Project Description

VULNER - Vulnerabilities Under the Global Protection Regime

How Does the Law Assess, Address, Shape and Produce the Vulnerabilities of the Protection Seekers?

The concept of “vulnerability” is increasingly used as a tool that allows decision-makers to identify migrants in need of special assistance and protection, as exemplified on the international level by the 2018 Global Compact for Safe, Orderly and Regular Migration, which calls for States “to respond to the needs of migrants in situations of vulnerability and address the respective challenges”. At the European level, “vulnerability” has also increasingly been used in the legal and policy instruments of the Common European Asylum System, in the case law of the European Court of Human Rights and the Court of Justice of the European Union as well as domestic courts, and in the resettlement practices of the EU Member States.

Yet, there is no solid understanding of the concrete meanings, practical consequences, and legal implications of “vulnerability”. Meeting this need becomes even more crucial when it is recognized that every migrant is vulnerable to some extent, according to the context, their resources, and intersecting social identities, such as ethnicity, gender, age, and nationality. The focus on the specific needs of certain vulnerable migrants is the result of a policy choice to value some vulnerabilities over others. If not based on scientific data and analyses that provide a clear and non-stereotyped understanding and conceptualization of the vulnerabilities that are actually lived and experienced by migrants, such policy choices run the risk of failing to address vulnerabilities, or exacerbating existing vulnerabilities, or even producing new ones.  

In response to this research gap, the VULNER project aims to produce scientific data and analysis to support evidence-based policy-making; the investigation will focus on three main questions:

  • How are the “vulnerabilities” of migrants defined in the relevant legislation, case law, policy documents, and administrative guidelines at national, regional, and international levels? Is there a duty to assess vulnerabilities, and how? What are the legal consequences of this?
  • How do decision-makers understand the “vulnerabilities” of migrants? How do they address them?
  • How do the legal frameworks and implementation practices affect concrete vulnerabilities, as experienced by migrants? How do they adapt their behaviour in turn? What are their coping strategies?

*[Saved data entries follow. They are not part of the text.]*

Theorem lemmaC7 (R : realType) (n l i : nat) (hn : (0 < n)%N) (hi : (i <= l)%N) :
  (forall F : pt l n -> R, perm_invariant F -> eta_i F i <= (rhsC7 hi F)%:C%C)
  /\ sos2_proof R n hi.
Proof.
have [sq [d [b certificate]]] := sos_certificate (R := R) hn hi.
split; last by exists sq, d, b.
move=> F invF; rewrite -subr_ge0 certificate ler0c.
exact: certificate_ge0.
Qed.
Lemma in_tuples_iff l n t : In t (tuples l n) <-> length t = n /\ incl t l.
Proof.
  revert t; induction n as [|n IH]; intros t; simpl.
  - split; [intros [<-|[]]; split; [reflexivity|apply incl_nil_l]|].
    intros [Ht _]; left; symmetry; apply length_zero_iff_nil, Ht.
  - rewrite in_flat_map. split.
    + intros [t' [Ht' Hx]]. apply in_map_iff in Hx as [x [<- Hx]].
      apply IH in Ht' as [<- Hi]. split; [reflexivity|]. apply incl_cons; auto.
    + intros [Hlen Hi]. destruct t as [|x t']; [discriminate|].
      exists t'. split.
      * apply IH. split; [simpl in Hlen; lia|]. intros z Hz; apply Hi; simpl; auto.
      * apply in_map_iff. exists x. split; [reflexivity|]. apply Hi; simpl; auto.
Qed.

Definition nlines (f : point -> nat) (t : list point) : nat :=
  length (nodup Nat.eq_dec (map f t)).

Definition new_line_weight (mu : R) (i : nat) (X : list nat) : R :=
  if in_dec Nat.eq_dec i X then 1 else mu.

Lemma pow_nlines_cons mu f x t :
  mu ^ nlines f (x :: t) = new_line_weight mu (f x) (map f t) * mu ^ nlines f t.
Proof. unfold nlines, new_line_weight. simpl. destruct in_dec; simpl; ring. Qed.

Lemma rsum_mem_le (X a : list nat) :
  NoDup a -> rsum (fun i => if in_dec Nat.eq_dec i X then 1 else 0) a <= INR (length X).
Proof.
  intros Ha.
  set (mem := fun i => if in_dec Nat.eq_dec i X then true else false).
  assert (Hcount : rsum (fun i => if in_dec Nat.eq_dec i X then 1 else 0) a
                   = INR (length (filter mem a))).
  { clear Ha. induction a as [|i a IH]; [reflexivity|].
    rewrite rsum_cons, IH. unfold mem; simpl. destruct in_dec; simpl length; rewrite ?S_INR; ring. }
  rewrite Hcount. apply le_INR, NoDup_incl_length; [apply NoDup_filter, Ha|].
  intros i Hi. apply filter_In in Hi as [_ Hi]. unfold mem in Hi. destruct in_dec; [auto|discriminate].
Qed.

The VULNER project focuses on migrants seeking protection in Europe (Belgium, Germany, Italy, Norway), North America (Canada), the Middle East (Lebanon), and Africa (Uganda and South Africa). For the analysis, two different yet complementary perspectives are adopted. First, investigation will consider the ways that the “vulnerabilities” of the migrants seeking protection are being assessed and addressed by the norms and practices of decision-makers. Second, empirical fieldwork data will shed light on the various forms and nature of the concrete experiences of “vulnerability” as they are lived by the migrants seeking protection, including resilience strategies and how they are being continuously shaped through interaction with the legal frameworks. Ultimately, through this systematic documentation and analysis of legal and empirical data, the very notion of “vulnerability” will be questioned and assessed from a critical perspective.